1. (10 pts) With multi-category data, we often have to choose the type of correlation matrix we generate to describe relationships. In a British Journal of Mathematical and Statistical Psychology, Conor Dolan indicated that a critical cutoff for determining whether a Pearson correlation is appropriate occurs when you have a variable with around 5 ordinal categories (Dolan, 1994). Given that, I would like you to consider the data set, factdata.xls which includes data in which students answered questions related to food preferences using four different scalings approaches (true/false, Likert from Strongly disagree to Strongly agree, semantic differential, Likert from Disagree to Agree). If you’re having trouble reading in an EXCEL spreadsheet, the first Likert scale necessary for this question is in the raw data file, fLikert.dat. The header includes the variable names. I’ve included the original questionnaire so you can see what the questions looked like.

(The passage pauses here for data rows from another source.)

(* Let x_q(p) be the probability, starting from state q, of entering S_j before
   any other final state.  These numbers solve a linear system N(p) x = b whose
   coefficients are integer polynomials in p: x_q is the indicator of S_j at a
   final state, 0 at a state from which S_j cannot be reached, and
   sum_a p_a x_(delta q a) elsewhere.  N(p) is invertible on the open simplex by
   a maximum principle: a nonzero solution of the homogeneous system takes its
   largest modulus at an inner state, where it is a convex combination with
   positive weights of its successors, so that value propagates to the
   boundary, where it vanishes.  Cramer's rule then gives
   f_j(p) = x_(s_0)(p) = (adj N b)_(s_0) / det N. *)

Lemma esumZl (R : realType) (T : choiceType) (S : set T) (a : T -> \bar R) (r : R) :
  0 < r -> (forall x, 0 <= a x)%E ->
  (\esum_(x in S) (r%:E * a x) = r%:E * \esum_(x in S) a x)%E.
Proof.
move=> r_gt0 a_ge0; rewrite /esum -ereal_sup_pZl//; congr ereal_sup.
by rewrite image_comp; apply: eq_imagel => F _ /=; rewrite ge0_mule_fsumr.
Qed.

Lemma esum_setT_fin (R : realType) (T : finType) (a : T -> \bar R) :
  (forall x, 0 <= a x)%E -> (\esum_(x in [set: T]) a x = \sum_(x : T) a x)%E.
Proof.
move=> a_ge0; rewrite esum_fset; last by move=> *; apply: a_ge0.
  rewrite (fsbigE (enum T)) ?enum_uniq//.
  - by rewrite big_enum_cond /=; apply: eq_bigl => x; rewrite in_setT.
  - by move=> x _; rewrite mem_enum.
exact: finite_finset.
Qed.

Section MaximumPrinciple.
Variables (R : realDomainType) (I : finType) (p : I -> R).
Hypotheses (p_gt0 : forall i, 0 < p i) (p_sum1 : \sum_i p i = 1).

(* The weighted sum of the nonnegative terms [c^2 - c z_i] is zero, so each one is. *)
Lemma convex_comb_norm_le_eq (z : I -> R) (c : R) :
  (forall i, `|z i| <= `|c|) -> c = \sum_i p i * z i -> forall i, z i = c.
Proof.
move=> z_le c_comb i; have [c0|c_neq0] := eqVneq c 0.
  by have := z_le i; rewrite c0 normr0 normr_le0 => /eqP.
have sum0 : \sum_k p k * (c * c - c * z k) = 0.
  rewrite (eq_bigr (fun k => c * c * p k - c * (p k * z k))) => [|k _]; last by ring.
  by rewrite sumrB -!mulr_sumr p_sum1 -c_comb; ring.
have term_ge0 k : 0 <= p k * (c * c - c * z k).
  apply: mulr_ge0; first exact: ltW.
  rewrite subr_ge0 (le_trans (ler_norm _)) //.
  rewrite normrM (le_trans (ler_wpM2l (normr_ge0 c) (z_le k))) //.
  by rewrite -normrM ger0_norm // -expr2 sqr_ge0.
have := @psumr_eq0P _ _ xpredT _ (fun k _ => term_ge0 k) sum0 i isT.
by move/eqP; rewrite mulf_eq0 gt_eqF //= subr_eq0 => /eqP /(mulfI c_neq0).
Qed.

Variables (S : finType) (step : S -> I -> S) (B : pred S) (y : S -> R).
Hypothesis boundary_reachable : forall q, exists w : seq I, B (foldl step q w).
Hypothesis y_boundary : forall q, B q -> y q = 0.
Hypothesis y_harmonic : forall q, ~~ B q -> y q = \sum_i p i * y (step q i).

For the first type of Likert variables flkrt1 to flkrt20 (on the second page of the questionnaire), I would like you to pick variables from one of the following five subgroups:

Seafood I: flkrt1-flkrt5
Fast food: flkrt6-flkrt10
Challenging food: flkrt11-flkrt15
Seafood II: flkrt16-flkrt20

and create a function to generate descriptive statistics appropriate to an interval level variable: mean and standard deviation, and statistics appropriate to an ordinal level variable: median, minimum, maximum, and range, along with the N.

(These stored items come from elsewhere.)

(* The vertex (a,b) : Z*Z of L1 is the point (2a - 1/2, 2b + 1/2), i.e. (m - 1/2, n + 1/2)
   with m = 2a, n = 2b both even.  Two L1-vertices are at distance 2 iff
   their indices differ by a unit vector, so the edges of L1 are
     EH a b : between (a,b) and (a+1,b)   (horizontal)
     EV a b : between (a,b) and (a,b+1)   (vertical).
   The vertices of L2 are the points (2c + 1/2, 2r + 3/2) (m = 2c+1,
   n = 2r+1 odd).  Each face of L2 is a 2x2 square whose centre is a
   vertex of L1; we index the face of L2 by the L1-vertex (a,b) at its
   centre: it is the square [2a-3/2, 2a+1/2] x [2b-1/2, 2b+3/2].
   The face containing the origin is the one indexed by (0,0).
   --------------------------------------------------------------------- *)

Definition vtx : Type := (Z * Z)%type.

Inductive edge : Type :=
| EH (a b : Z)
| EV (a b : Z).

Definition ends (e : edge) : vtx * vtx :=
  match e with
  | EH a b => ((a, b), (a + 1, b))
  | EV a b => ((a, b), (a, b + 1))
  end.

Definition incident (v : vtx) (e : edge) : Prop :=
  fst (ends e) = v \/ snd (ends e) = v.

(* A configuration phi in {0,1}^{E(L1)} (true = present). *)
Definition config : Type := edge -> bool.

Definition deg (phi : config) (v : vtx) : nat :=
  let (a, b) := v in
  Nat.b2n (phi (EH a b)) + Nat.b2n (phi (EH (a - 1) b))
  + Nat.b2n (phi (EV a b)) + Nat.b2n (phi (EV a (b - 1))).

Definition even_at (phi : config) (v : vtx) : Prop := Nat.Even (deg phi v).

Definition contour_config (phi : config) : Prop := forall v, even_at phi v.

(* Two present edges sharing an endpoint are adjacent; a contour is a
   connected component of the set of present edges, so two present edges
   lie in the same contour iff they are related by the reflexive-transitive
   closure of this adjacency. *)
Definition adj (phi : config) (e f : edge) : Prop :=
  phi e = true /\ phi f = true /\ exists v, incident v e /\ incident v f.

Definition same_contour (phi : config) (e f : edge) : Prop :=
  phi e = true /\ phi f = true /\ clos_refl_trans edge (adj phi) e f.

(* ---------------------------------------------------------------------
   Boxes B*_{m,n}.  cols k = (lo, hi) is the range of column indices of
   B*_{m,k+1} (which has k+1 columns): B*_{m,1} has the single column 0;
   passing from n columns to n+1 we add a column on the right if n is odd
   and on the left if n is even.
   rows k = (lo, hi) is the range of row indices of B*_{k+1,n}: passing
   from m rows to m+1 we add a row at the bottom (lower index) if m is odd
   and at the top if m is even.
   --------------------------------------------------------------------- *)
Fixpoint cols (k : nat) : Z * Z :=
  match k with
  | O => (0, 0)
  | S k' => let (lo, hi) := cols k' in
            if Nat.odd (S k') then (lo, hi + 1) else (lo - 1, hi)
  end.

Fixpoint rows (k : nat) : Z * Z :=
  match k with
  | O => (0, 0)
  | S k' => let (lo, hi) := rows k' in
            if Nat.odd (S k') then (lo - 1, hi) else (lo, hi + 1)
  end.

(* B*_{M,N} is the union of the faces of L2 indexed by (a,b) with
   a in the column range and b in the row range (M rows, N columns,
   M, N >= 1).  A vertex of L1 lies in the interior of the rectangle
   B*_{M,N} iff it is the centre of one of these faces (the other vertices
   of L1 are centres of faces outside the rectangle, hence outside it). *)
Definition inside (M N : nat) (v : vtx) : Prop :=
  let (a, b) := v in
  fst (cols (N - 1)) <= a <= snd (cols (N - 1)) /\
  fst (rows (M - 1)) <= b <= snd (rows (M - 1)).

Definition box_edge (M N : nat) (e : edge) : Prop :=
  inside M N (fst (ends e)) /\ inside M N (snd (ends e)).

Definition crosses (M N : nat) (e : edge) : Prop :=
  (inside M N (fst (ends e)) /\ ~ inside M N (snd (ends e))) \/
  (~ inside M N (fst (ends e)) /\ inside M N (snd (ends e))).

From Stdlib Require Import ZArith List Relations Permutation Lia Bool Btauto.
Import ListNotations.
Open Scope Z_scope.

(* Call a rectangle of L1-vertices fillable when every configuration with an even number
   of present crossings can be completed inside it. Fillability is invariant under
   translations and under transposition of the lattice, and passes from p to p + 1
   columns: give all vertical edges of the new column a common state f, set each edge
   linking a column vertex to the old rectangle so that this vertex becomes even, and take
   f = true as soon as this makes some link present. The crossings at the new column are
   then joined, through the column and a present link, to crossings of the smaller
   rectangle, and the parity of the crossings is unchanged because every vertical edge of
   the column is counted at both of its ends. The 3 x 3 block of vertices (p = q = 2) is
   settled by a verified exhaustive search; for a 2 x 2 block single crossings at the four
   corners cannot be joined. *)

Lemma adj_sym (phi : config) (e f : edge) : adj phi e f -> adj phi f e.
Proof. intros (He & Hf & v & Hve & Hvf). repeat split; auto. now exists v. Qed.

Lemma contour_path_sym (phi : config) (e f : edge) :
  clos_refl_trans edge (adj phi) e f -> clos_refl_trans edge (adj phi) f e.
Proof.
  induction 1; [apply rt_step, adj_sym; assumption | apply rt_refl | eapply rt_trans; eauto].
Qed.

Lemma contour_path_step (phi : config) (v : vtx) (e f : edge) :
  phi e = true -> phi f = true -> incident v e -> incident v f ->
  clos_refl_trans edge (adj phi) e f.
Proof. intros; apply rt_step; repeat split; auto; now exists v. Qed.

Lemma contour_path_map (phi psi : config) (g : edge -> edge) (h : vtx -> vtx) :
  (forall e, psi (g e) = phi e) ->
  (forall v e, incident v e -> incident (h v) (g e)) ->
  forall e f, clos_refl_trans edge (adj phi) e f ->
  clos_refl_trans edge (adj psi) (g e) (g f).
Proof.
  intros Hpsi Hinc e f C.
  induction C as [e f (He & Hf & v & Hve & Hvf)| |]; [|apply rt_refl|eapply rt_trans; eauto].
  apply contour_path_step with (h v); rewrite ?Hpsi; auto.
Qed.

Fixpoint zrange (lo : Z) (n : nat) : list Z :=
  match n with O => [] | S n' => lo :: zrange (lo + 1) n' end.

Lemma in_zrange (z lo : Z) (n : nat) : In z (zrange lo n) <-> lo <= z < lo + Z.of_nat n.
Proof.
  revert lo; induction n as [|n IH]; intros lo; simpl; [lia|].
  rewrite IH; lia.
Qed.

Lemma NoDup_zrange (lo : Z) (n : nat) : NoDup (zrange lo n).
Proof.
  revert lo; induction n as [|n IH]; intros lo; simpl; constructor; auto.
  rewrite in_zrange; intros H; lia.
Qed.

Lemma zrange_succ (lo : Z) (n : nat) : zrange lo (S n) = zrange lo n ++ [lo + Z.of_nat n].
Proof.
  revert lo; induction n as [|n IH]; intros lo; [simpl; now rewrite Z.add_0_r|].
  change (zrange lo (S (S n))) with (lo :: zrange (lo + 1) (S n)).
  rewrite IH; replace (lo + Z.of_nat (S n)) with (lo + 1 + Z.of_nat n) by lia; reflexivity.
Qed.

Definition parity (l : list bool) : bool := fold_right xorb false l.

Lemma parity_app (l m : list bool) : parity (l ++ m) = xorb (parity l) (parity m).
Proof. induction l as [|b l IH]; simpl; [reflexivity|]. rewrite IH; btauto. Qed.

Lemma parity_perm (l m : list bool) : Permutation l m -> parity l = parity m.
Proof. induction 1; simpl; try btauto; congruence. Qed.

Lemma parity_map_xorb {A : Type} (f g : A -> bool) (l : list A) :
  parity (map (fun x => xorb (f x) (g x)) l) = xorb (parity (map f l)) (parity (map g l)).
Proof. induction l as [|x l IH]; simpl; [reflexivity|]. rewrite IH; btauto. Qed.

Lemma parity_telescope (g : Z -> bool) (lo : Z) (n : nat) :
  parity (map (fun z => xorb (g z) (g (z - 1))) (zrange lo n)) =
  xorb (g (lo + Z.of_nat n - 1)) (g (lo - 1)).
Proof.
  induction n as [|n IH]; [simpl; rewrite Z.add_0_r; btauto|].
  rewrite zrange_succ, map_app, parity_app, IH.
  replace (lo + Z.of_nat (S n) - 1) with (lo + Z.of_nat n) by lia.
  simpl; btauto.
Qed.

Lemma even_length_filter {A : Type} (f : A -> bool) (l : list A) :
  Nat.even (length (filter f l)) = negb (parity (map f l)).
Proof.
  induction l as [|x l IH]; [reflexivity|].
  cbn [filter map parity fold_right]; destruct (f x);
  cbn [length]; rewrite ?Nat.even_succ, <- ?Nat.negb_even, IH; unfold parity; btauto.
Qed.

Lemma even_filter_parity {A : Type} (f : A -> bool) (l : list A) :
  Nat.Even (length (filter f l)) <-> parity (map f l) = false.
Proof. rewrite <- Nat.even_spec, even_length_filter; now destruct (parity (map f l)). Qed.

Definition star (v : vtx) : list edge :=
  [EH (fst v - 1) (snd v); EH (fst v) (snd v); EV (fst v) (snd v); EV (fst v) (snd v - 1)].

Lemma even_at_parity (phi : config) (v : vtx) :
  even_at phi v <-> parity (map phi (star v)) = false.
Proof.
  destruct v as [a b]; unfold even_at, deg, star; simpl; rewrite <- Nat.even_spec.
  destruct (phi (EH a b)), (phi (EH (a - 1) b)), (phi (EV a b)), (phi (EV a (b - 1)));
  simpl; intuition congruence.
Qed.

Lemma vertical_path (psi : config) (a lo hi : Z) :
  (forall b, lo <= b <= hi -> psi (EV a b) = true) ->
  forall b1 b2, lo <= b1 <= hi -> lo <= b2 <= hi ->
  clos_refl_trans edge (adj psi) (EV a b1) (EV a b2).
Proof.
  intros Hcol.
  assert (Up : forall n b1, lo <= b1 -> b1 + Z.of_nat n <= hi ->
            clos_refl_trans edge (adj psi) (EV a b1) (EV a (b1 + Z.of_nat n))).
  { induction n as [|n IH]; intros b1 H1 H2; [rewrite Z.add_0_r; apply rt_refl|].
    apply rt_trans with (EV a (b1 + Z.of_nat n)); [apply IH; lia|].
    apply contour_path_step with (a, b1 + Z.of_nat n + 1); try (apply Hcol; lia).
    - now right.
    - left; simpl; f_equal; lia. }
  intros b1 b2 H1 H2; destruct (Z.le_ge_cases b1 b2).
  - replace b2 with (b1 + Z.of_nat (Z.to_nat (b2 - b1))) by lia; apply Up; lia.
  - apply contour_path_sym.
    replace b1 with (b2 + Z.of_nat (Z.to_nat (b1 - b2))) by lia; apply Up; lia.
Qed.

Section Rectangle.
Variables (A0 B0 : Z) (p q : nat).

(* The rectangle [A0, A0 + p] x [B0, B0 + q] of L1-vertices; B_{M-1,N-1} has p = N - 1
   and q = M - 1. *)
Definition in_rect (v : vtx) : Prop :=
  A0 <= fst v <= A0 + Z.of_nat p /\ B0 <= snd v <= B0 + Z.of_nat q.

Definition rect_edge (e : edge) : Prop :=
  in_rect (fst (ends e)) /\ in_rect (snd (ends e)).

Definition rect_crossing (e : edge) : Prop :=
  (in_rect (fst (ends e)) /\ ~ in_rect (snd (ends e))) \/
  (~ in_rect (fst (ends e)) /\ in_rect (snd (ends e))).

Definition frame : list edge :=
  map (fun b => EH (A0 - 1) b) (zrange B0 (S q)) ++
  map (fun b => EH (A0 + Z.of_nat p) b) (zrange B0 (S q)) ++
  map (fun a => EV a (B0 - 1)) (zrange A0 (S p)) ++
  map (fun a => EV a (B0 + Z.of_nat q)) (zrange A0 (S p)).

Definition grid : list edge :=
  flat_map (fun a => map (EH a) (zrange B0 (S q))) (zrange A0 p) ++
  flat_map (fun a => map (EV a) (zrange B0 q)) (zrange A0 (S p)).

Definition rect_vertices : list vtx :=
  flat_map (fun a => map (pair a) (zrange B0 (S q))) (zrange A0 (S p)).

Lemma in_frame (e : edge) : In e frame <-> rect_crossing e.
Proof.
  unfold frame, rect_crossing, in_rect.
  rewrite !in_app_iff, !in_map_iff; setoid_rewrite in_zrange.
  destruct e as [a b|a b]; simpl; split.
  - intros [[x [E Hx]]|[[x [E Hx]]|[[x [E Hx]]|[x [E Hx]]]]];
      first [discriminate | injection E; lia].
  - intros H; assert (a = A0 - 1 \/ a = A0 + Z.of_nat p) as [-> | ->] by lia;
      [left|right; left]; exists b; split; auto; lia.
  - intros [[x [E Hx]]|[[x [E Hx]]|[[x [E Hx]]|[x [E Hx]]]]];
      first [discriminate | injection E; lia].
  - intros H; assert (b = B0 - 1 \/ b = B0 + Z.of_nat q) as [-> | ->] by lia;
      [right; right; left|right; right; right]; exists a; split; auto; lia.
Qed.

I would like you to put these statistics into an object similar to descripstat2() in the program scndprog.cowdata.R. Make sure to return a matrix and label the dimensions of the matrix appropriately. I’m including the formula for the median and some other statistics we will need later in the semesters in a file called, add.stats.R. When calculating the median, I want you to use this computational formula, not the median() function. The same for the other descriptive statistics. Please use computational formulas, not the functions that are preprogrammed.

Compare your results to describe() in the “psych” package.

Now, also in R, I would like you to create a table including three kinds of correlations: Pearson, Spearman, and Kendall correlations. You can do create this table by stacking the correlation matrices. Once you have all of the correlations in a single table, you will have to rename the dimensions (rows and column) to let the reader know what is what.

The difference between the Spearman and Kendall coefficients involves assumptions regarding the underlying distributions of the variables. Spearman ρ assumes that the ranks are interval scales, while Kendall τ. So, does it matter here? Are the correlation coefficients different? What about the central tendency, does the median differ from the mean? What do you conclude?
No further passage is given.